Perspectives on the Phylogenetic Tree

Limitations to the Classic Model of Phylogenetic Trees

The concepts of phylogenetic modeling are constantly changing causing limitations to the classic model to arise.

Learning Objectives

Identify the limitations to the classic model of phylogenetic trees

Key Takeaways

Key Points

  • Charles Darwin sketched the first phylogenetic tree in 1837.
  • A single trunk on a phylogenetic tree represents a common ancestor and the branches represent the divergence of species from this ancestor.
  • Prokaryotes are assumed to evolve clonally in the classic tree model.
  • Horizontal gene transfer is the transfer of genes between unrelated species and, as such, complicates the simple tree model.
  • Ultimate gene transfer has provided theories of genome fusion between symbiotic or endosymbiotic organisms.

Key Terms

  • phylogenetic: of, or relating to the evolutionary development of organisms
  • clonal: pertaining to asexual reproduction
  • horizontal gene transfer: the transfer of genetic material from one organism to another one that is not its offspring; especially common among bacteria

The concepts of phylogenetic modeling are constantly changing.
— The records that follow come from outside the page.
Lemma conn_RE x y : conn P x y -> x = y \/ RE x.2 y.2.
Proof.
have lift v a b : rep_equiv (Fv v) (Sv v) P a b -> RE a b.
  exact: re_mono (@Fv_completion v) (Sv_sub v).
elim=> {x y} [x y st| x | x y _ IH | x y z _ IH1 _ IH2].
- right; case: st => [[_ /lift //]|[e [c [_ [_ [/lift ca /lift cb]]]]]].
  exact: re_trans completion_is_fusion (re_sym completion_is_fusion ca) cb.
- by left.
- by case: IH => [->|h]; [left|right; apply: re_sym completion_is_fusion h].
- case: IH1 => [->|h1] //; case: IH2 => [<-|h2]; first by right.
  by right; apply: re_trans completion_is_fusion h1 h2.
Qed.

(* Two vertices of Rep(P, F) lie in the same component iff their images in
   Hom(P, S) are F_T-equivalent: Phi_P is well defined and injective. *)
Lemma conn_iff_RE v w a b : grp_hom P (Sv v) a -> grp_hom P (Sv w) b ->
  conn P (v, a) (w, b) <-> RE a b.
Proof.
move=> ha hb; have gP := groupP P; split.
  case/conn_RE => [[_ <-]|//].
  exact: re_ext completion_is_fusion gP (ghom_sub ha (Sv_sub v)) _.
move=> [_ [_ [c [Kc [ic vc]]]]].
have [[_ _ cM _ cS] c_root] := completion_root_fusion Kc.
have a_ca : conn P (vstar, a) (vstar, fun r => c (a r)).
  exact: (conn_precomp gP (ghom_img ha) c_root).
have ca_b : conn P (vstar, fun r => c (a r)) (vstar, b).
  apply: conn_same; apply: re_ext (Fv_fus _) gP _ vc.
  by apply: ghom_comp (ghom_img ha) _; split.
apply: rst_trans (rst_sym _ _ _ _ (conn_vertex_root gP ha)) _.
apply: rst_trans a_ca (rst_trans _ _ _ _ _ ca_b (conn_vertex_root gP hb)).
Qed.

Hypothesis PS : P \subset S.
It is one of the most dynamic fields of study in all of biology. Over the last several decades, new research has challenged scientists’ ideas about how organisms are related. New models of these relationships have been proposed for consideration by the scientific community. Many phylogenetic trees have been shown as models of the evolutionary relationship among species. Phylogenetic trees originated with Charles Darwin, who sketched the first phylogenetic tree in 1837, which served as a pattern for subsequent studies for more than a century. The concept of a phylogenetic tree with a single trunk representing a common ancestor, with the branches representing the divergence of species from this ancestor, fits well with the structure of many common trees, such as the oak. However, evidence from modern DNA sequence analysis and newly-developed computer algorithms has caused skepticism about the validity of the standard tree model in the scientific community.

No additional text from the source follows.